Fed Dovish bets escalated as the US (US) core personal consumption expenditure price index (PCE) data for January, the initial decline in personal spending data for January, the sharp decline that significantly lowered PMI data for February, and the February PMI data for February.
Canadian Dollar FAQ
The key factors driving the Canadian Dollar (CAD) are the interest rate levels, which are the price of Canada's largest exports, economic health, inflation and trade balance. Other factors include market sentiment, whether investors are taking on a more risky asset (risk-on) or seeking a safe haven (risk-off), whether the risk-on is CAD-positive. As our biggest trading partner, the health of the US economy is also an important factor affecting the Canadian dollar.
The Bank of Canada (BOC) has a major impact on the Canadian dollar by setting the level of interest rates that banks can lend to each other. This affects the interest rate level for everyone. The main goal of the BOC is to keep inflation at 1-3% by adjusting interest rates up and down.

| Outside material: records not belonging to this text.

(* Let $(I_n)_{n\ge1}$ be pairwise disjoint intervals in $\mathcal{R}$ with $\lim_{n\to\infty}l(I_n)=0$, and let $A,B\subseteq\mathcal{R}$ be outer measurable with $A\subseteq\bigcup_{n=1}^\infty I_n$ and $B\subseteq\mathcal{R}\setminus\bigcup_{n=1}^\infty I_n$. Then $A\cup B$ is outer measurable and $M_u(A\cup B)=M_u(A)+M_u(B)$.
   Context: $\mathcal{R}$ denotes the Levi-Civita field: functions $x:\mathbb{Q}\to\mathbb{R}$ with left-finite support, with componentwise addition and formal power series multiplication, ordered by $x>0$ iff $x\ne0$ and $x[\min\operatorname{supp}x]>0$; it is a non-Archimedean ordered field extension of $\mathbb{R}$, Cauchy complete in the order topology, in which all limits and series are taken (a series $\sum a_n$ converges iff $a_n\to0$). An interval is a set $[a,b],[a,b),(a,b]$ or $(a,b)$ with $a<b$ in $\mathcal{R}$, of length $l=b-a$. A cover of $A\subseteq\mathcal{R}$ is a sequence of intervals $(S_n)_{n\ge1}$ with $A\subseteq\bigcup_n S_n$ and $\sum_n l(S_n)$ convergent in $\mathcal{R}$. $A$ is called outer measurable if the infimum $\inf\{\sum_n l(S_n): (S_n)\text{ a cover of }A\}$ exists in $\mathcal{R}$; this infimum is then called the outer measure $M_u(A)$. *)

(* the Levi-Civita field over an arbitrary realType R
   (any realType is a model of the real numbers). *)
From HB Require Import structures.
From mathcomp Require Import all_boot all_order all_algebra.
From mathcomp Require Import boolp classical_sets functions cardinality reals.
Set Implicit Arguments. Unset Strict Implicit. Unset Printing Implicit Defensive.
Import Order.TTheory GRing.Theory Num.Theory.
Local Open Scope ring_scope.
Local Open Scope classical_set_scope.

Section LeviCivita.
Variable R : realType.

Definition LCf := rat -> R.

Definition LC : set LCf :=
  [set x | forall q : rat, finite_set [set p : rat | p < q /\ x p != 0]].

Definition LCzero : LCf := fun _ => 0.
Definition LCadd (x y : LCf) : LCf := fun q => x q + y q.
Definition LCopp (x : LCf) : LCf := fun q => - x q.
Definition LCsub (x y : LCf) : LCf := fun q => x q - y q.

(* x > 0 iff x <> 0 and x[min supp x] > 0 : q is the minimum of the support
   and the coefficient there is positive *)
Definition LCpos (x : LCf) : Prop :=
  exists q : rat, 0 < x q /\ forall p : rat, p < q -> x p = 0.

A relatively high interest rate tends to be positive for CAD. The Bank of Canada can also use quantitative mitigation and tightening to influence credit terms along with previous CAD negatives and the latter CAD positives.
Oil prices are an important factor that influences the value of the Canadian dollar. As oil is Canada's largest export, oil prices tend to have an immediate impact on CAD values. Generally, as aggregate demand for a currency increases, so does CAD if oil prices rise. If oil prices drop, the opposite is true. Rising oil prices also tend to increase the likelihood of a positive trade balance in favor of CAD.
Inflation was traditionally considered a negative factor in currency, but in reality it was opposed in modern times with the relaxation of capital controls across borders, as it reduces the value of money. The higher the inflation rate, the more likely it will lead central banks to raise interest rates, which will increase capital inflows from global investors seeking a favorable place to keep their money. This increases the demand for the local currency, which is Canadian dollars, in Canada.
Macroeconomic data assesses the health of the economy and may affect the Canadian dollar. Indicators such as GDP, manufacturing and services PMI, employment, and consumer sentiment surveys can all affect the direction of CAD. A strong economy is good for the Canadian dollar. Not only will it attract more foreign investment, it may also encourage Canadian banks to raise interest rates, leading to stronger currency. However, if economic data is weak, CAD can drop.